The prostate-specific antigen (PSA) test is the front-line clinical test for telling men whether they likely have prostate cancer. Yet it isn’t always accurate. In fact, roughly 75% of men with elevated levels of PSA do not have cancer (what’s known as a false positive). But even more dangerously, sometimes men without elevated PSA levels do have cancer (what’s known as a false negative).
Just this past week, the actor Ben Stiller shared his own experience with the PSA test, calling it “the prostate cancer test that saved my life” because his doctor gave him a test to establish his baseline PSA level when he was 46 and then repeated tests over time. This time-series data — even over a short period — helped detect and treat Stiller’s cancer early as his doctors observed rising PSA levels.
While any given test may have its share of false positives and negatives and other flaws for predicting disease in a one-off fashion, they can be made extremely predictive when considered over time. See for example recent studies from women’s health, which have shown that screening at multiple points over time identifies ovarian cancer earlier.
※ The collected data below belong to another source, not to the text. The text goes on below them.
Lemma pr_rhs_term (a b : list C) (d e f x y : C) (m : nat) :
  (forall n : nat, poch_prod b n <> 0) ->
  poch (f + 1) m <> 0 -> poch e m <> 0 ->
  (forall n : nat, (n <= m)%nat -> poch (-1 - e - RtoC (INR m)) n <> 0) ->
  pr (rhs_term a b d e f x y m) = antidiagonal_sum (fun n k => pr (lhs_double a b d e f x y n k)) m.
Proof.
  intros Hb Hf He Hq.
  set (u := hyp_term (rhs_num a e f m) (rhs_den b e m) y).
  assert (u_finite : forall q : C -> R, q 0 = 0%R ->
            is_series (fun k => q (u k)) (sum_n (fun k => q (u k)) m)).
  { intros q Hq0; apply is_series_eventually_0; intros i Hi; unfold u.
    now rewrite hyp_term_rhs_gt. }
  unfold rhs_term; fold (rhs_coef d e f x m) u; unfold hypF.
  rewrite pr_Cmult_CSeries by (eexists; apply u_finite; reflexivity); fold u.
  assert (pr_coef_0 : pr (rhs_coef d e f x m * 0) = 0%R) by (rewrite Cmult_0_r; apply pr_0).
  rewrite (is_series_unique _ _ (u_finite (fun z => pr (rhs_coef d e f x m * z)) pr_coef_0)).
  apply sum_n_ext_loc; intros i Hi; f_equal; unfold u.
  assert (Hm : (i + (m - i))%nat = m) by lia.
  rewrite lhs_double_reindex, Hm; [reflexivity|apply Hb|rewrite Hm; exact Hf|rewrite Hm; exact He|].
  rewrite Hm; apply Hq, Hi.
Qed.

Lemma Series_pr_lhs_rhs (a b : list C) (d e f x y : C) :
  (forall n : nat, poch_prod b n <> 0) ->
  (forall k : nat, poch (f + 1) k <> 0) ->
  (forall k : nat, poch e k <> 0) ->
  (forall n k : nat, (k <= n)%nat -> poch (-1 - e - RtoC (INR n)) k <> 0) ->
  (forall n : nat, ex_series (fun k => Cmod (hyp_term (lhs_num d e n) (lhs_den e f) x k))) ->
  (forall n : nat, ex_series (fun k => Cmod (lhs_double a b d e f x y n k))) ->
  ex_series (fun n => Series (fun k => Cmod (lhs_double a b d e f x y n k))) ->
  Series (fun n => pr (lhs_term a b d e f x y n)) = Series (fun n => pr (rhs_term a b d e f x y n)).
Proof.
  intros Hb Hf He Hq Hx abs_row abs_rows.
  set (T := fun n k => pr (lhs_double a b d e f x y n k)).
  assert (abs_row_T : forall n, ex_series (fun k => Rabs (T n k))).
  { intros n; apply (ex_series_le_Cmod (fun z => Rabs (pr z))), abs_row.
    intros z; rewrite Rabs_Rabsolu; apply pr_le_Cmod. }
  rewrite (Series_ext _ _ (fun n => pr_lhs_term a b d e f x y n (Hx n))).
  rewrite (Series_ext _ _ (fun m => pr_rhs_term a b d e f x y m Hb (Hf m) (He m) (Hq m))).
  apply Series_rows_antidiagonal; [exact abs_row_T|].
  apply (ex_series_le (fun n => Series (fun k => Rabs (T n k)))
                      (fun n => Series (fun k => Cmod (lhs_double a b d e f x y n k))));
    [|exact abs_rows].
  intros n; change (Rabs (Series (fun k => Rabs (T n k)))
                    <= Series (fun k => Cmod (lhs_double a b d e f x y n k))).
  rewrite Rabs_pos_eq by (apply Series_nonneg; [intros; apply Rabs_pos|apply abs_row_T]).
  apply Series_le; [intros; split; [apply Rabs_pos|apply pr_le_Cmod]|apply abs_row].
Qed.

End RealLinearFunctional.

Theorem mainTheorem8 (a b : list C) (d e f x y : C) :
  (* all terms are defined: no vanishing denominators *)
  (forall n : nat, poch_prod b n <> 0) ->
  (forall k : nat, poch (f + 1) k <> 0) ->
  (forall k : nat, poch e k <> 0) ->
  (forall n k : nat, (k <= n)%nat -> poch (-1 - e - RtoC (INR n)) k <> 0) ->
  (* all series involved converge (absolutely) *)
  (forall n : nat, ex_series (fun k => Cmod (hyp_term (lhs_num d e n) (lhs_den e f) x k))) ->
  ex_series (fun n => Cmod (lhs_term a b d e f x y n)) ->
  ex_series (fun n => Cmod (rhs_term a b d e f x y n)) ->
  (forall n : nat, ex_series (fun k => Cmod (lhs_double a b d e f x y n k))) ->
  ex_series (fun n => Series (fun k => Cmod (lhs_double a b d e f x y n k))) ->
  CSeries (lhs_term a b d e f x y) = CSeries (rhs_term a b d e f x y).
Proof.
  intros Hb Hf He Hq Hx _ _ abs_row abs_rows.
  unfold CSeries; f_equal.
  - apply (Series_pr_lhs_rhs Re re_le_Cmod Re_Cmult_CSeries); assumption.
  - apply (Series_pr_lhs_rhs Im Im_le_Cmod Im_Cmult_CSeries); assumption.
Qed.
But time-series data is just part of the answer. The greater opportunity here lies in bringing together and combining various longitudinal measurements much more broadly. And that’s where Q comes in. By aggregating several different existing, well-established technologies and tests over time and using computation to better interpret data, Q can greatly increase the effective accuracy of these tests. This in turn dramatically increases our ability to catch disease early, early enough to treat.
How is this possible? As healthcare becomes more of an information science, computation and data can play a more significant role. No human being could effectively combine a flood of inputs from many disparate tests. But software can!
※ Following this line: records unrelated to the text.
(* Let $S=S_1+S_2$ be the gluing of affine semigroups $S_1,S_2\subset\mathbb N^r$ along $\alpha$. Fix $j\in\{1,2\}$ and $b,b'\in S_j$. Then $b-b'\in S_j$ if and only if $b-b'\in S$.
   Context: $S=S_1+S_2$ is the gluing of $S_1$ and $S_2$ if there is $\alpha\in S_1\cap S_2$ with $\mathbb Z S_1\cap\mathbb Z S_2=\mathbb Z\alpha$, where $\mathbb Z S_j$ is the subgroup of $\mathbb Z^r$ generated by $S_j$. *)

From HB Require Import structures.
From mathcomp Require Import all_boot all_order all_algebra.
Set Implicit Arguments. Unset Strict Implicit. Unset Printing Implicit Defensive.
Import Order.TTheory GRing.Theory Num.Theory.
Local Open Scope ring_scope.

Definition natvec (r : nat) (v : 'rV[int]_r) : Prop := forall i, 0 <= v ord0 i.

Definition gen_monoid (r : nat) (A : seq 'rV[int]_r) (x : 'rV[int]_r) : Prop :=
  exists c : 'I_(size A) -> nat, x = \sum_(i < size A) A`_i *+ c i.

Definition affine_semigroup (r : nat) (S : 'rV[int]_r -> Prop) : Prop :=
  exists A : seq 'rV[int]_r, (forall a, a \in A -> natvec a) /\
    (forall x, S x <-> gen_monoid A x).

Definition zgroup (r : nat) (S : 'rV[int]_r -> Prop) (x : 'rV[int]_r) : Prop :=
  exists (s : seq 'rV[int]_r) (c : 'I_(size s) -> int),
    (forall y, y \in s -> S y) /\ x = \sum_(i < size s) s`_i *~ c i.

Definition msum (r : nat) (S1 S2 : 'rV[int]_r -> Prop) (x : 'rV[int]_r) : Prop :=
  exists s1 s2, S1 s1 /\ S2 s2 /\ x = s1 + s2.

Definition gluing (r : nat) (S S1 S2 : 'rV[int]_r -> Prop) (alpha : 'rV[int]_r) : Prop :=
  (forall x, S x <-> msum S1 S2 x) /\ S1 alpha /\ S2 alpha /\
  (forall x, (zgroup S1 x /\ zgroup S2 x) <-> exists k : int, x = alpha *~ k).

(* S_j for j in {1,2}, indexed by 'I_2 (ord0 <-> 1, ord1 <-> 2) *)
Definition pick2 (r : nat) (j : 'I_2) (S1 S2 : 'rV[int]_r -> Prop) : 'rV[int]_r -> Prop :=
  if val j == 0%N then S1 else S2.

From HB Require Import structures.
From mathcomp Require Import all_boot all_order all_algebra.

Set Implicit Arguments.
Unset Strict Implicit.
Unset Printing Implicit Defensive.
Import Order.TTheory GRing.Theory Num.Theory.
Local Open Scope ring_scope.

(* Take j = 1 (the case j = 2 follows by swapping S1 and S2).  If
   b - b' = s1 + s2 with s_i in S_i, then s2 = (b - (b' + s1)) lies in
   ZS1 and in ZS2, hence s2 = k alpha.  As s2 and alpha lie in N^r, either
   k >= 0 and s2 is a multiple of alpha in S1, or k < 0 and s2 = 0; in both
   cases b - b' = s1 + s2 lies in S1. *)

Section AffineSemigroup.
Variables (r : nat) (S : 'rV[int]_r -> Prop).
Hypothesis affS : affine_semigroup S.

Lemma affine_semigroup0 : S 0.
Proof.
case: affS => A [_ memS]; apply/memS; exists (fun _ => 0%N).
by rewrite big1 // => i _; rewrite mulr0n.
Qed.

Lemma affine_semigroupD x y : S x -> S y -> S (x + y).
Proof.
case: affS => A [_ memS] /memS [cx ->] /memS [cy ->]; apply/memS.
exists (fun i => (cx i + cy i)%N).
by rewrite -big_split; apply: eq_bigr => i _; rewrite mulrnDr.
Qed.

Lemma affine_semigroupMn x n : S x -> S (x *+ n).
Proof.
move=> Sx; elim: n => [|n IHn]; first by rewrite mulr0n; exact: affine_semigroup0.
by rewrite mulrS; exact: affine_semigroupD.
Qed.

Lemma affine_semigroup_natvec x : S x -> natvec x.
Proof.
case: affS => A [natA memS] /memS [c ->] i.
rewrite summxE; apply: sumr_ge0 => k _; rewrite mulmxnE mulrn_wge0 //.
have [ltkA | leAk] := ltnP k (size A); first exact/natA/mem_nth.
by rewrite nth_default // mxE.
Qed.

Lemma natvec_eq0 (v : 'rV[int]_r) : natvec v -> natvec (- v) -> v = 0.
Proof.
move=> natv natNv; apply/rowP => i; apply/eqP.
have := natNv i; rewrite !mxE eq_le -oppr_ge0 => ->.
by rewrite natv.
Qed.

Lemma affine_semigroup_mulz a k : S a -> natvec (a *~ k) -> S (a *~ k).
Proof.
move=> Sa; case: k => n; first by rewrite -pmulrn => _; exact: affine_semigroupMn Sa.
rewrite NegzE mulrNz -pmulrn => natNa.
have natna : natvec (a *+ n.+1).
  by move=> i; rewrite mulmxnE mulrn_wge0 // (affine_semigroup_natvec Sa).
rewrite (natvec_eq0 natna natNa) oppr0; exact: affine_semigroup0.
Qed.

End AffineSemigroup.

Section Zgroup.
Variables (r : nat) (S : 'rV[int]_r -> Prop).

Lemma zgroup_mem x : S x -> zgroup S x.
Proof.
move=> Sx; exists [:: x], (fun _ => 1); split; first by move=> y /[1!inE] /eqP ->.
by rewrite big_ord1 mulr1z.
Qed.

Lemma zgroupB x y : S x -> S y -> zgroup S (x - y).
Proof.
move=> Sx Sy; exists [:: x; y], (fun i => [:: 1; -1]`_i).
split; first by move=> z /[!inE] /orP [] /eqP ->.
by rewrite !big_ord_recl big_ord0 /= addr0 mulr1z mulrN1z.
Qed.

End Zgroup.

Lemma msumC r (S1 S2 : 'rV[int]_r -> Prop) x : msum S1 S2 x -> msum S2 S1 x.
Proof. by case=> s1 [s2 [S1s1 [S2s2 ->]]]; exists s2, s1; rewrite addrC. Qed.

Lemma gluingC r (S S1 S2 : 'rV[int]_r -> Prop) alpha :
  gluing S S1 S2 alpha -> gluing S S2 S1 alpha.
Proof.
case=> memS [S1a [S2a capZ]]; split.
  by move=> x; split=> [/memS/msumC | /msumC/memS].
do 2!split=> //.
by move=> x; split=> [[Z2x Z1x] | /capZ [Z1x Z2x]]; first exact/capZ.
Qed.

Lemma gluing_memBl r (S S1 S2 : 'rV[int]_r -> Prop) alpha b b' :
  affine_semigroup S1 -> affine_semigroup S2 -> gluing S S1 S2 alpha ->
  S1 b -> S1 b' -> S1 (b - b') <-> S (b - b').
Proof.
move=> aff1 aff2 [memS [S1a [_ capZ]]] S1b S1b'; split=> [S1bb'|].
  apply/memS; exists (b - b'), 0; rewrite addr0; do 2!split=> //.
  exact: affine_semigroup0 aff2.
case/memS=> s1 [s2 [S1s1 [S2s2 def_bb']]].
have [k def_s2] : exists k, s2 = alpha *~ k.
  apply/capZ; split; last exact: zgroup_mem.
  have -> : s2 = b - (b' + s1) by rewrite opprD addrA def_bb' addrAC subrr add0r.
  exact: zgroupB S1b (affine_semigroupD aff1 S1b' S1s1).
have S1s2 : S1 s2.
  have := affine_semigroup_natvec aff2 S2s2.
  by rewrite def_s2; exact: (affine_semigroup_mulz aff1 S1a).
by rewrite def_bb'; exact: (affine_semigroupD aff1 S1s1 S1s2).
Qed.

Theorem lemma3p5 (r : nat) (S S1 S2 : 'rV[int]_r -> Prop) (alpha : 'rV[int]_r)
  (hS1 : affine_semigroup S1) (hS2 : affine_semigroup S2)
  (hglue : gluing S S1 S2 alpha)
  (j : 'I_2) (b b' : 'rV[int]_r) :
  pick2 j S1 S2 b -> pick2 j S1 S2 b' ->
  (pick2 j S1 S2 (b - b') <-> S (b - b')).
Proof.
rewrite /pick2; case: (val j == 0%N).
  exact: (gluing_memBl hS1 hS2 hglue).
exact: (gluing_memBl hS2 hS1 (gluingC hglue)).
Qed.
Moreover, in addition to broader testing for baseline and trends, software can leverage data from existing tests to yield other untapped insights. For example, with the low cost of genomics — because bio has its own Moore’s Law — one could use genetic material to better interpret PSA tests. Recent results show how knowing your “snips” (SNPs or single nucleotide polymorphisms) in DNA would lead to a much more predictive interpretation of PSA.
With these approaches, the tri-fold axes of multiple tests, time, and population can all be brought to bear in a unified way. Genomics would give insight into how to better read tests for a given patient and understand the specific challenges they face. Combine that with time series data and we get even greater accuracies. And finally, as more patients participate, one could predict even subtle aspects earlier with higher accuracy due to aggregating patient experience and outcomes from millions of people.
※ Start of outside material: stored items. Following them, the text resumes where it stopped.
(* Let $G$ be a finite group, $H$ a core-free subgroup of $G$, and $S$ a right transversal of $H$ in $G$ which generates $G$, is nilpotent with respect to its induced right loop structure, and has $|S|=p^n$ for some prime $p$ and $n\in\mathbb N$. Then both $H$ and $G$ are $p$-groups.
   Context: For $H\le G$, a right transversal $S$ contains exactly one element of each right coset $Hg$, with $1\in S$; its induced operation is $x\circ y=$ the unique element of $S\cap Hxy$, making $(S,\circ)$ a right loop (two-sided identity, each equation $X\circ a=b$ uniquely solvable). $H$ is core-free if $\bigcap_{g\in G}g^{-1}Hg=\{1\}$. A congruence on a right loop $S$ is an equivalence relation which is a right subloop of $S\times S$; an invariant right subloop is the class $T$ of $1$ under a congruence, $S/T=\{T\circ x\}$ with $(T\circ x)\circ(T\circ y)=T\circ(x\circ y)$. For congruences $\beta,\gamma$, $\gamma$ centralizes $\beta$ if there is a congruence $(\gamma|\beta)$ on the right loop $\beta\subseteq S\times S$ with: (i) $(x,y)(\gamma|\beta)(u,v)\Rightarrow x\gamma u$; (ii) for $(x,y)\in\beta$, $(u,v)\mapsto u$ is a bijection from the $(\gamma|\beta)$-class of $(x,y)$ to the $\gamma$-class of $x$; (iii) $(x,y)\in\gamma\Rightarrow(x,x)(\gamma|\beta)(y,y)$; (iv) $(x,y)(\gamma|\beta)(u,v)\Rightarrow(y,x)(\gamma|\beta)(v,u)$; (v) $(x,y)(\gamma|\beta)(u,v)$, $(y,z)(\gamma|\beta)(v,w)\Rightarrow(x,z)(\gamma|\beta)(u,w)$. The center $\mathcal Z(S)$ is the class of $1$ under the unique maximal congruence centralized by $S\times S$. $S$ is nilpotent if the series $\mathcal Z_0=\{1\}$, $\mathcal Z_1=\mathcal Z(S)$, $\mathcal Z_{i+1}/\mathcal Z_i=\mathcal Z(S/\mathcal Z_i)$ reaches $\mathcal Z_n=S$ for some $n$. *)

From HB Require Import structures.
From mathcomp Require Import all_boot all_order all_fingroup all_solvable.
Set Implicit Arguments. Unset Strict Implicit. Unset Printing Implicit Defensive.

(* Right loops (and their quotients) are represented this way; the right-loop
   axioms are not bundled since they are facts, not data. *)
Record magma1 := Magma1 {
  m_T : finType;
  m_op : m_T -> m_T -> m_T;
  m_one : m_T }.

Section RightLoops.
Variable L : magma1.
Local Notation T := (m_T L).
Local Notation op := (@m_op L).

Definition pop (p q : T * T) : T * T := (op p.1 q.1, op p.2 q.2).

(* A congruence: an equivalence relation whose graph is a right subloop of
   S x S (contains (1,1) by reflexivity, closed under the product and under
   right division, i.e. solutions X of X o a = b with a, b in the graph). *)
Definition congruence (r : rel T) : Prop :=
  [/\ (forall x, r x x), (forall x y, r x y -> r y x),
      (forall x y z, r x y -> r y z -> r x z),
      (forall x y u v, r x u -> r y v -> r (op x y) (op u v)) &
      (forall a b c d x z, r a c -> r b d -> op x a = b -> op z c = d -> r x z)].

Definition centralizes (gam beta : rel T) : Prop :=
  exists R : rel (T * T),
    let inB := fun p : T * T => beta p.1 p.2 in
    [/\ (* R is a congruence on the right loop beta *)
        [/\ (forall p q, R p q -> inB p && inB q),
            (forall p, inB p -> R p p),
            (forall p q, R p q -> R q p),
            (forall p q s, R p q -> R q s -> R p s) &
            (forall p q p' q', R p q -> R p' q' -> R (pop p p') (pop q q'))],
        (forall p q p' q' p'' q'', R p q -> R p' q' ->
                 pop p'' p = p' -> pop q'' q = q' -> R p'' q'') &
        [/\ (forall x y u v, R (x, y) (u, v) -> gam x u),
        (forall x y u, beta x y -> gam x u ->
                      exists! v, R (x, y) (u, v)),
        (forall x y, gam x y -> R (x, x) (y, y)),
        (forall x y u v, R (x, y) (u, v) -> R (y, x) (v, u)) &
        (forall x y z u v w,
                 R (x, y) (u, v) -> R (y, z) (v, w) -> R (x, z) (u, w))]].

Definition total_rel : rel T := fun _ _ => true.

(* z is the unique maximal congruence centralized by S x S (its class of 1 is
   the center). *)
Definition is_center_cong (z : rel T) : Prop :=
  [/\ congruence z, centralizes total_rel z &
      forall g, congruence g -> centralizes total_rel g ->
        forall x y, g x y -> z x y].

Definition cls (r : rel T) (x : T) : {set T} := [set y | r x y].

Definition qpred (r : rel T) : pred {set T} :=
  fun C => [exists x, C == cls r x].

Definition qT (r : rel T) : finType :=
  Finite.clone {C : {set T} | qpred r C} _.

Lemma qcls_proof (r : rel T) (x : T) : qpred r (cls r x).
Proof. by apply/existsP; exists x. Qed.

Definition qcls (r : rel T) (x : T) : qT r := exist _ (cls r x) (qcls_proof r x).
The approach that Q is taking can revolutionize healthcare by bringing the best of technology and computer science to the healthcare science and practices we already have in place. The co-founders themselves embody this combination of skills: serial entrepreneur and computer scientist Jeffrey Kaditz most recently worked to bring transparency in consumer finance; Michael Snyder is the genetics chair at Stanford and Director of Personalized Medicine who also pioneered digitization of human biofluids; and chief medical officer Garry Choy is an MD, MBA, and practicing clinical radiologist.
I’m delighted to announce our investment in Q’s recent funding round and excited to partner with this team to help bring their vision to fruition.